Этот вопрос вызвал самые оживленные обсуждения. Нужно было определить количество денег, где их найти и как взять эти деньги под благовидным предлогом. Все прекрасно понимали, что дело не ограничится только пятью-шестью тысячами дукатов. Все знали также, что папа, даже при большей расточительности, всегда сможет добыть денег, ибо у его святейшества была в полном распоряжении особая военная казна, непрерывно пополняемая огромными доходами от продажи квасцов. Право на эти доходы еще при Павле II было предоставлено исключительно святому престолу для ведения войн против турок. Казной этой заведовали главные агенты крестовых походов, любимые кардиналы его святейшества: Эстутевилль, Каландрина и Анжело Капрани. Казна эта не подлежит общей отчетности и хранится у знаменитых банкиров, ныне уже и суверенных государей Флоренции – Лоренцо и Джулиано Медичи.

Члены консистории боялись крутого по характеру папы Сикста, но всегда были уверены, что его святейшество, не стесняясь никаким средствами и алчно загребая груды золота, некоторые, не совсем малые крохи этого металла предоставит и своим кардиналм. Под сенью такого могучего дуба, укрепившегося на святом престоле, немало также продавалось и дарилось церковных и светских доходных должностей и творились всякого рода выгодные торговые сделки.

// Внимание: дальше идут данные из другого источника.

(* There exist natural numbers $B_0,B_1,B_2,\dots$ such that for every finite set $\Omega$, every algebra $\Sigma$ of subsets of $\Omega$, and every function $\upsilon:\Sigma\to\mathbb{R}$, there exists a set $\mathcal{P}$ of probability measures on $\Sigma$ with $\upsilon(X)=\sup\{\mu(X):\mu\in\mathcal{P}\}$ for all $X\in\Sigma$ if and only if $\upsilon$ satisfies: (UPF1) $\upsilon(\emptyset)=0$; (UPF2) $\upsilon(\Omega)=1$; (UPF3) for all natural numbers $m,n,k\le B_{|\Omega|}$ and all $A,A_1,\dots,A_m\in\Sigma$, if the multiset $\{\!\{A_1,\dots,A_m\}\!\}$ is an $(n,k)$-cover of $(A,\Omega)$, then $k+n\,\upsilon(A)\le\sum_{i=1}^m\upsilon(A_i)$.
   Context: A probability measure on an algebra $\Sigma$ of subsets of $\Omega$ is a finitely additive $\mu:\Sigma\to[0,1]$ with $\mu(\emptyset)=0,\mu(\Omega)=1$. A multiset $\{\!\{A_1,\dots,A_m\}\!\}$ of subsets (not necessarily distinct) covers a set $X$ $n$ times if every $x\in X$ belongs to $A_i$ for at least $n$ distinct indices $i\in\{1,\dots,m\}$. It is an $(n,k)$-cover of $(A,\Omega)$ if it covers $\Omega$ $k$ times and covers $A$ $n+k$ times. *)

From HB Require Import structures.
From mathcomp Require Import all_boot all_order all_algebra.
From mathcomp Require Import Rstruct.
From Stdlib Require Rdefinitions.
Notation R := Rdefinitions.R.
Set Implicit Arguments. Unset Strict Implicit. Unset Printing Implicit Defensive.
Import Order.TTheory GRing.Theory Num.Theory.
Local Open Scope ring_scope.

Definition is_algebra (T : finType) (Sig : {set {set T}}) : Prop :=
  [/\ set0 \in Sig,
      (forall A, A \in Sig -> ~: A \in Sig) &
      (forall A B, A \in Sig -> B \in Sig -> A :|: B \in Sig)].

(* finitely additive probability measure on Sig (values outside Sig ignored) *)
Definition prob_measure (T : finType) (Sig : {set {set T}}) (mu : {set T} -> R)
  : Prop :=
  [/\ (forall A, A \in Sig -> 0 <= mu A <= 1),
      mu set0 = 0, mu [set: T] = 1 &
      (forall A B, A \in Sig -> B \in Sig -> [disjoint A & B] ->
         mu (A :|: B) = mu A + mu B)].

Definition is_sup_of (T : finType) (P : ({set T} -> R) -> Prop) (X : {set T})
  (s : R) : Prop :=
  (forall mu, P mu -> mu X <= s) /\
  (forall b : R, (forall mu, P mu -> mu X <= b) -> s <= b).

Definition covers_times (T : finType) (m : nat) (As : 'I_m -> {set T})
  (X : {set T}) (n : nat) : Prop :=
  forall x, x \in X -> (n <= #|[set i : 'I_m | x \in As i]|)%N.

Definition nk_cover (T : finType) (m : nat) (As : 'I_m -> {set T})
  (n k : nat) (A : {set T}) : Prop :=
  covers_times As [set: T] k /\ covers_times As A (n + k).

Definition UPF (T : finType) (Sig : {set {set T}}) (ups : {set T} -> R)
  (B : nat -> nat) : Prop :=
  [/\ ups set0 = 0, ups [set: T] = 1 &
      forall (m n k : nat), (m <= B #|T|)%N -> (n <= B #|T|)%N -> (k <= B #|T|)%N ->
      forall (A : {set T}) (As : 'I_m -> {set T}),
        A \in Sig -> (forall i, As i \in Sig) ->
        nk_cover As n k A ->
        k%:R + n%:R * ups A <= \sum_(i < m) ups (As i)].

From HB Require Import structures.
From mathcomp Require Import all_boot all_order all_algebra.
From mathcomp Require Import Rstruct.
From mathcomp Require Import ring lra zify.
From Stdlib Require Import Classical.
Set Implicit Arguments. Unset Strict Implicit. Unset Printing Implicit Defensive.
Import Order.TTheory GRing.Theory Num.Theory.
Local Open Scope ring_scope.

(* A probability measure on a finite algebra is a sum of point weights spread
   over its atoms, so it satisfies every cover inequality, and so do suprema of
   such measures.  Conversely, to realise [ups X] as such a supremum it suffices
   to find point masses [y] of total mass 1 with [y(Y) <= ups Y] on the algebra
   and [y(X) >= ups X].  Fourier-Motzkin elimination of the [|T|] variables of
   this system, whose coefficients lie in {-1, 0, 1}, shows that if it has no
   solution then some nonnegative integer combination of its rows, with total
   multiplicity bounded in terms of [|T|] only, reads [0 <= negative]; such a
   combination is an (n,k)-cover of (X, T) violating (UPF3). *)

Lemma exists_between (F : realFieldType) (lo hi : seq F) :
  (forall l h, l \in lo -> h \in hi -> l <= h) ->
  exists t, (forall l, l \in lo -> l <= t) /\ (forall h, h \in hi -> t <= h).
Proof.
elim: lo => [|l lo IH] lo_le_hi.
  elim: hi {lo_le_hi} => [|h hi [t [_ t_le]]]; first by exists 0.
  exists (Num.min h t); split=> // h'; rewrite inE => /orP[/eqP->|h'hi].
    by rewrite ge_min lexx.
  by rewrite ge_min t_le ?orbT.
have [t [le_t t_le]] : exists t,
    (forall l, l \in lo -> l <= t) /\ (forall h, h \in hi -> t <= h).
  by apply: IH => l' h l'lo hhi; apply: lo_le_hi; rewrite ?inE ?l'lo ?orbT.
exists (Num.max l t); split.
  move=> l'; rewrite inE => /orP[/eqP->|l'lo]; first by rewrite le_max lexx.
  by rewrite le_max le_t ?orbT.
by move=> h hhi; rewrite ge_max t_le // andbT lo_le_hi // mem_head.
Qed.

Section FourierMotzkin.
Variables (F : realFieldType) (I V : finType) (a : I -> V -> int) (b : I -> F).
Lemma Dk_unique a b Phi k : a < b -> forall t y z1 z2,
  Dk a b Phi t k y z1 -> Dk a b Phi t k y z2 -> forall x, a <= x <= b -> z1 x = z2 x.
Proof.
  intros Hab. induction k as [| m IH]; simpl; intros t y z1 z2 H1 H2 x Hx.
  - rewrite H1, H2; auto.
  - destruct H1 as [u1 [u1' [Hu1 [Hd1 Hz1]]]], H2 as [u2 [u2' [Hu2 [Hd2 Hz2]]]].
    rewrite Hz1, Hz2 by auto.
    replace (u1' x) with (u2' x); [reflexivity |].
    apply (deriv_on_unique a b u2); auto.
    apply (deriv_on_ext a b u1 u1'); auto. intros; eapply IH; eauto.
Qed.

Lemma Dk_constant a b Phi m : forall t c y, (forall x, a <= x <= b -> y x = c) ->
  Dk a b Phi t (S m) y (fun _ => 0).
Proof.
  induction m as [| m IH]; intros t c y Hy.
  - exists y, (fun _ => 0). split; [intros x Hx; reflexivity | split].
    + apply (deriv_on_ext a b (fun _ => c) (fun _ => 0)); auto using deriv_on_const.
      intros; symmetry; auto.
    + intros. destruct t; unfold Rdiv; ring.
  - exists (fun _ => 0), (fun _ => 0). split; [apply (IH _ c); auto | split].
    + apply deriv_on_const.
    + intros. destruct t; unfold Rdiv; ring.
Qed.

Lemma Dk_S_zero_inv a b Phi m t y : a < b -> (forall x, a <= x <= b -> Phi x <> 0) ->
  Dk a b Phi t (S m) y (fun _ => 0) -> exists c, Dk a b Phi (negb t) m y (fun _ => c).
Proof.
  intros Hab Hnz [u [u' [Hu [Hd Hz]]]].
  assert (Hu' : forall x, a <= x <= b -> u' x = 0).
  { intros x Hx. specialize (Hz x Hx). pose proof (Hnz x Hx).
    destruct t.
    - replace (u' x) with (u' x / Phi x * Phi x) by (field; auto). rewrite <- Hz. ring.
    - replace (u' x) with (/ Phi x * (Phi x * u' x)) by (field; auto). rewrite <- Hz. ring. }
  exists (u a). eapply Dk_ext; [| | exact Hu]; auto.
  intros x Hx. exact (deriv_on_zero_constant a b u u' Hab Hd Hu' x Hx).
Qed.

Lemma odd_S n : Nat.odd (S n) = negb (Nat.odd n).
Proof. rewrite Nat.odd_succ, <- Nat.negb_odd. reflexivity. Qed.

(* [first_op t k] is the Phi-derivative applied first by [Dk _ _ _ t k]
   ([true] for [Dtilde], [false] for [D]). *)
Definition first_op (t : bool) (k : nat) : bool := xorb t (negb (Nat.odd k)).

Lemma first_op_S t m : first_op t (S m) = negb (first_op t m).
Proof. unfold first_op. rewrite odd_S. destruct t, (Nat.odd m); reflexivity. Qed.

Lemma first_op_SS t m : first_op t (S (S m)) = first_op (negb t) (S m).
Proof. unfold first_op. rewrite !odd_S. destruct t, (Nat.odd m); reflexivity. Qed.

Lemma Dk_S_first_op a b Phi m : forall t y y' z, deriv_on a b y y' ->
  Dk a b Phi t m (phi_step Phi (first_op t (S m)) y') z -> Dk a b Phi t (S m) y z.
Proof.
  induction m as [| m IH]; intros t y y' z Hd H.
  - exists y, y'. split; [intros x Hx; reflexivity | split; auto].
    intros x Hx. rewrite H by auto. unfold phi_step, first_op. now destruct t.
  - destruct H as [u [u' [Hu [Hdu Hz]]]]. exists u, u'. split; [| split; auto].
    apply (IH (negb t) y y' u Hd). now rewrite <- first_op_SS.
Qed.

Definition phi_power (Phi : R -> R) (x0 : R) (s : bool) (i : nat) (x : R) : R :=
  if s then Ycal Phi i x0 x else Ytcal Phi i x0 x.

Definition phi_weight (Phi : R -> R) (s : bool) (x : R) : R :=
  if s then Phi x else / Phi x.

Lemma phi_power_0 Phi x0 s x : phi_power Phi x0 s 0 x = 1.
Proof. now destruct s. Qed.

Lemma phi_power_S Phi x0 s j x : phi_power Phi x0 s (S j) x =
  INR (S j) * RInt (fun xi => phi_power Phi x0 (negb s) j xi * phi_weight Phi s xi) x0 x.
Proof.
  unfold phi_power, phi_weight, Ycal, Ytcal. simpl Xpow. simpl Xtpow. rewrite !odd_S.
  destruct s, (Nat.odd j); reflexivity.
Qed.

Section PhiPowers.

Variables (a b : R) (Phi : R -> R) (x0 : R).
Hypothesis hab : a < b.
Hypothesis hcont : continuous_on_cc a b Phi.
Hypothesis hnz : forall x, a <= x <= b -> Phi x <> 0.
Hypothesis hx0 : a <= x0 <= b.

Lemma continuous_on_cc_phi_weight s : continuous_on_cc a b (phi_weight Phi s).
Proof. destruct s; [exact hcont | exact (continuous_on_cc_inv a b Phi hcont hnz)]. Qed.

Lemma deriv_on_phi_power_S s j : continuous_on_cc a b (phi_power Phi x0 (negb s) j) ->
  deriv_on a b (phi_power Phi x0 s (S j))
    (fun x => INR (S j) * (phi_power Phi x0 (negb s) j x * phi_weight Phi s x)).
Proof.
  intros Hc.
  set (g := fun xi => phi_power Phi x0 (negb s) j xi * phi_weight Phi s xi).
  assert (Hg : continuous_on_cc a b g)
    by exact (continuous_on_cc_mult a b _ _ Hc (continuous_on_cc_phi_weight s)).
  pose proof (deriv_on_RInt a b g x0 hab Hg hx0) as HF.
  eapply deriv_on_ext; [exact (deriv_on_lincomb _ _ _ _ _ _ (INR (S j)) 0 HF HF) | |];
    intros x _; [rewrite phi_power_S; fold g | unfold g]; ring.
Qed.

Lemma continuous_on_cc_phi_power i : forall s, continuous_on_cc a b (phi_power Phi x0 s i).
Proof.
  induction i as [| j IH]; intros s.
  - intros x _. eapply filterlim_ext; [intros y; symmetry; apply phi_power_0 |].
    rewrite phi_power_0. apply filterlim_const.
  - eapply deriv_on_continuous_on_cc, deriv_on_phi_power_S, IH.
Qed.

Lemma phi_step_phi_power s j x : a <= x <= b ->
  phi_step Phi s (fun x => INR (S j) * (phi_power Phi x0 (negb s) j x * phi_weight Phi s x)) x
  = INR (S j) * phi_power Phi x0 (negb s) j x.
Proof.
  intros Hx. pose proof (hnz x Hx). unfold phi_step, phi_weight.
  destruct s; field; assumption.
Qed.

Lemma Dk_phi_power i : forall s k t, (i <= k)%nat -> first_op t k = s ->
  Dk a b Phi t k (phi_power Phi x0 s i) (fun _ => if Nat.eqb i k then INR (fact i) else 0).
Proof.
  induction i as [| j IH]; intros s k t Hik Hs.
  - destruct k as [| m].
    + intros x _. now rewrite phi_power_0.
    + apply (Dk_constant a b Phi m t 1). intros. apply phi_power_0.
  - destruct k as [| m]; [lia |].
    pose proof (deriv_on_phi_power_S s j (continuous_on_cc_phi_power j (negb s))) as Hd.
    apply (Dk_S_first_op a b Phi m t _ _ _ Hd). rewrite Hs.
    assert (Hs' : first_op t m = negb s) by (rewrite <- Hs, first_op_S, Bool.negb_involutive; reflexivity).
    eapply Dk_ext; [| | exact (Dk_scal a b Phi m t _ _ (INR (S j)) (IH (negb s) m t ltac:(lia) Hs'))].
    + intros x Hx. symmetry. now apply phi_step_phi_power.
    + intros x _. simpl Nat.eqb. destruct (Nat.eqb j m); [| ring].
      change (fact (S j)) with (S j * fact j)%nat. now rewrite mult_INR.
Qed.

Lemma phi_power_independent n : forall s c,
  (forall x, a <= x <= b -> sum_f_R0 (fun i => c i * phi_power Phi x0 s i x) n = 0) ->
  forall i, (i <= n)%nat -> c i = 0.
Proof.
  induction n as [| m IH]; intros s c H i Hi.
  - assert (i = 0%nat) by lia. subst. specialize (H a ltac:(lra)). simpl in H.
    rewrite phi_power_0 in H. lra.
  - set (t := xorb s (Nat.odd m)).
    assert (Ht : first_op t (S m) = s).
    { unfold t, first_op. rewrite odd_S. destruct s, (Nat.odd m); reflexivity. }
    (* apply the order-(m+1) operator: only the top term survives, as [c (S m) * (S m)!] *)
    pose proof (Dk_sum a b Phi t (S m) (S m) (phi_power Phi x0 s)
      (fun i _ => if Nat.eqb i (S m) then INR (fact i) else 0) c
      ltac:(intros; apply Dk_phi_power; auto)) as Hsum.
    pose proof (Dk_constant a b Phi m t 0 _ H) as Hzero.
    pose proof (Dk_unique a b Phi (S m) hab t _ _ _ Hsum Hzero a ltac:(lra)) as E.
    simpl in E. rewrite Nat.eqb_refl in E.
    rewrite (sum_eq _ (fun _ => 0)), sum_cte in E.
    2: { intros j Hj. rewrite (proj2 (Nat.eqb_neq j (S m))) by lia. ring. }
    assert (Htop : c (S m) = 0).
    { apply (Rmult_eq_reg_r (INR (fact (S m)))); [| apply INR_fact_neq_0].
      rewrite Rmult_0_l, <- E. simpl fact. ring. }
    destruct (Nat.eq_dec i (S m)) as [-> | Hne]; [exact Htop |].
    apply (IH s); [| lia]. intros x Hx. specialize (H x Hx). simpl in H.
    rewrite Htop in H. lra.
Qed.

Папа, тоже отлично зная своих слуг, и духовных, и светских, быстро закончил заседание тайной консистории. Хитро и насмешливо улыбаясь только уголками губ, он после небольшой пышной речи о служении святому престолу, о борьбе со всеми врагами веры христианской сказал очень просто и деловито, но твердо, как государь, о своих планах:

– Итак, ваши преосвященства, все ясно. Мы повелеваем нашему вице-канцлеру изготовить приказ почтенным господам Лоренцо и Джулиано Медичи перевести в нашу особую казну шестьдесят четыре тысячи дукатов в распоряжение агентов крестовых походов. Из этих денег агенты выдадут дщери нашей, царевне Зое, пять тысяч на путевые издержки при поездке в Москву и прочие цели; епископу Антонио Бонумбре – шестьсот дукатов. Завтра же здесь мы будем принимать послов московского государя. Все придворные наши и кардиналы с почетом должны приветствовать московитов. – Взглянув на входные двери и заметив стоявшего там Антонио Джислярди, он закончил: – На сем закрываем мы заседание тайной консистории. Наша канцелярия уведомит вас всех о часе и порядке приема здесь же посольства великого князя.

Его святейшеству не было ведомо, что Джан Баттиста делла Вольпе изменил Латинской церкви и снова крестился, приняв учение Греческой церкви. Все же, зная достаточно людей своего времени, папа из осторожности решил хорошенько прощупать посла московского, видимо, смелого и ловкого хищника, втершегося в доверие государю.

Когда Антонио Джислярди пригласил в зал консистории Ивана Фрязина, тот вошел гордо и независимо, но, увидев папу, тотчас же со смирением опустился на колени и поцеловал край его лиловой мантии.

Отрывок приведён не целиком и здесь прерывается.